Ativa tanto à noite quanto de dia, com pico de atividade ao anoitecer. Normalmente menos ativa nos períodos de meio do dia e meio da noite (Konig, “Owls of the World”). Pode ser vista pousada em mourões de cerca, no topo de arbustos e postes, em fios de eletricidade ou outros locais expostos. Caça voando baixo executando manobras rápidas e batidas de asa lentas e flexíveis, deslizando em seguida pelo ar.

* Notas de observação pessoal (Alexandre Faitarone – Indaiatuba-SP - Out.2009).

“Possui realmente hábitos diurnos crepusculares, mas o que me deixou fascinado foi a forma como voa, suas atividades de caça, muito semelhantes a rapinantes diurnos. Características de voo semelhantes ao do gavião-do-banhado (Circus buffoni).

O lugar é o mais improvável possível: pastos, perto de uma represa….totalmente antropizado.

A coruja, após às 16:30 começa a fazer uma “ronda”, voando rente ao capim (no máximo 3-4 m de altura)…quando identifica uma possível presa ela peneira (para no ar), como um gavião-peneira (Elanus leucurus).

Em sua “ronda”, passa várias vezes sobre o mesmo lugar, como se tivesse um território definido. Portanto, em caso de avistamento passado, sugiro que volte ao lugar onde a viu, próximo das 16:30 (até o escurecer). Provavelmente você deve vê-la novamente…

Já noite adentro, a vi passando diversas vezes, o que confirma que ela continua bastante ativa após o anoitecer.”

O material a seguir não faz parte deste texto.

(* Let $a>0$, $k_d>0$, $x_0\in\mathbb{R}$, $y_0\in\mathbb{R}\setminus\{0\}$, and $\rho>0$ with $\rho a>2|y_0|$. For $(\ell_1,\ell_2)\in\mathbb{Z}^2$ set $$s(\ell_1,\ell_2)=\frac{\ell_1a-x_0+i(\ell_2a-y_0)}{|\ell_1a-x_0+i(\ell_2a-y_0)|}\cdot\frac{\ell_1a-x_0-i(\ell_2a+y_0)}{|\ell_1a-x_0-i(\ell_2a+y_0)|},$$ $\epsilon^{(1)}_{\ell_1,\ell_2}=\frac{a}{2\pi}\operatorname{Arg}\frac{s(\ell_1+1,\ell_2)}{s(\ell_1,\ell_2)}$, $\epsilon^{(2)}_{\ell_1,\ell_2}=\frac{a}{2\pi}\operatorname{Arg}\frac{s(\ell_1,\ell_2+1)}{s(\ell_1,\ell_2)}$, and $\Delta^{d(i,\pm)}_{\ell_1,\ell_2}=\sqrt{(a\pm\epsilon^{(i)}_{\ell_1,\ell_2})^2+a^2}-\sqrt2a$ for $i=1,2$. For $N>\rho$ let $B'_{\rho,N}$ be the set of $(\ell_1,\ell_2)\in\mathbb{Z}^2$ with $\rho a<\sqrt{(\ell_1a-x_0)^2+(\ell_2a-y_0)^2}<Na$ and $\rho a<\sqrt{(\ell_1a-x_0)^2+(\ell_2a+y_0)^2}<Na$, and $$E_{\rho,N}(\mathcal{S})=\sum_{(\ell_1,\ell_2)\in B'_{\rho,N}}\tfrac12k_d\Big((\Delta^{d(1,+)}_{\ell_1,\ell_2})^2+(\Delta^{d(2,+)}_{\ell_1,\ell_2})^2+(\Delta^{d(1,-)}_{\ell_1,\ell_2})^2+(\Delta^{d(2,-)}_{\ell_1,\ell_2})^2\Big).$$ Then $E_{\rho,N}(\mathcal{S})$ converges to a finite limit as $N\to\infty$.
   Context: $\operatorname{Arg}$ is the principal argument in $(-\pi,\pi]$. This is the discrete (simple cubic lattice, spacing $a$, spring model with diagonal spring constant $k_d$) elastic energy of two parallel screw dislocations of opposite signs, $\mathcal{S}_+=\{x_0+iy_0\}$ and $\mathcal{S}_-=\{x_0-iy_0\}$. *)

From Stdlib Require Import Reals Lra ZArith.
Open Scope R_scope.

Definition C := (R * R)%type.
Definition cmul (z w : C) : C :=
  (fst z * fst w - snd z * snd w, fst z * snd w + snd z * fst w).
Definition cnorm (z : C) : R := sqrt (fst z ^ 2 + snd z ^ 2).
Definition cscale (r : R) (z : C) : C := (r * fst z, r * snd z).
Definition cconj (z : C) : C := (fst z, - snd z).
(* z / w = z * conj w / |w|^2 (total: w = 0 gives 0 via Rinv 0). *)
Definition cdiv (z w : C) : C := cscale (/ (fst w ^ 2 + snd w ^ 2)) (cmul z (cconj w)).

(* Principal argument in (-PI, PI]; Arg 0 := 0 by convention. *)
Definition Arg (z : C) : R :=
  let x := fst z in let y := snd z in
  if Rlt_dec 0 x then atan (y / x)
  else if Rlt_dec x 0 then
    (if Rle_dec 0 y then atan (y / x) + PI else atan (y / x) - PI)
  else if Rlt_dec 0 y then PI / 2
  else if Rlt_dec y 0 then - (PI / 2)
  else 0.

(De Carlos Eduardo S. Goulart em 23 de maio de 2012) Hoje parei para observar um casal e minha descrição corrobora o depoimento pessoal acima. Por volta das 16:30 em diante, voando baixo sobre um pasto de gramínea, rondando várias vezes sobre a mesma área. A única diferença que notei é que este casal não paira no ar. Ao perceber um possível alvo eles mergulham rápido ao chão. Faz alguns dias que acompanho este casal e consegui vê-los capturar alguns camundongos. São magníficos!

Distribuição Geográfica

Subespécie com ocorrência no Brasil: A.f, suinda.

Migratória, veio da América do Norte, atravessando os Andes até a Terra do Fogo. Vive em amplos banhados e caça durante o dia. No Brasil, ocorre de Goiás e Minas Gerais até o Rio Grande do Sul. É comum nas regiões setentrionais da Europa e da Ásia.

Em áreas tropicais, o Mocho é residente, não apresentando características migratórias significativas.

Do Nível do mar até 4000 m de altitude.